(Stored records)
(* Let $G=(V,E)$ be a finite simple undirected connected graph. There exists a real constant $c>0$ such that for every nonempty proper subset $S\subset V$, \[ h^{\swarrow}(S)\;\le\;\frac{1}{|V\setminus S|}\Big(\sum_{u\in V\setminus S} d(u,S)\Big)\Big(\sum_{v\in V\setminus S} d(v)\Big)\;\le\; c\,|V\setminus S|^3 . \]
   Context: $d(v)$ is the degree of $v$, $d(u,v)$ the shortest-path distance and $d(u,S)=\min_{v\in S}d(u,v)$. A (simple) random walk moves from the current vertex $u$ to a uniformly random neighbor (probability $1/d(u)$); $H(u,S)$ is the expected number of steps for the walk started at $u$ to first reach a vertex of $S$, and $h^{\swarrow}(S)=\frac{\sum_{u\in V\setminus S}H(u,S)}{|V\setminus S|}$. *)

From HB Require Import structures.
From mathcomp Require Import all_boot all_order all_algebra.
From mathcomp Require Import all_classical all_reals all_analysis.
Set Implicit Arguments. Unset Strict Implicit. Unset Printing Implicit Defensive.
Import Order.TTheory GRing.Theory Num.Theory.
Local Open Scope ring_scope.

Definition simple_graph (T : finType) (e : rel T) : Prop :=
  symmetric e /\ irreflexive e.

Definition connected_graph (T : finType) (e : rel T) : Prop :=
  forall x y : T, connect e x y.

§ **What you should do**
Copy every line of the entries in which "finType" can be found.

§ **Response to the exercise**
Definition simple_graph (T : finType) (e : rel T) : Prop :=
Definition connected_graph (T : finType) (e : rel T) : Prop :=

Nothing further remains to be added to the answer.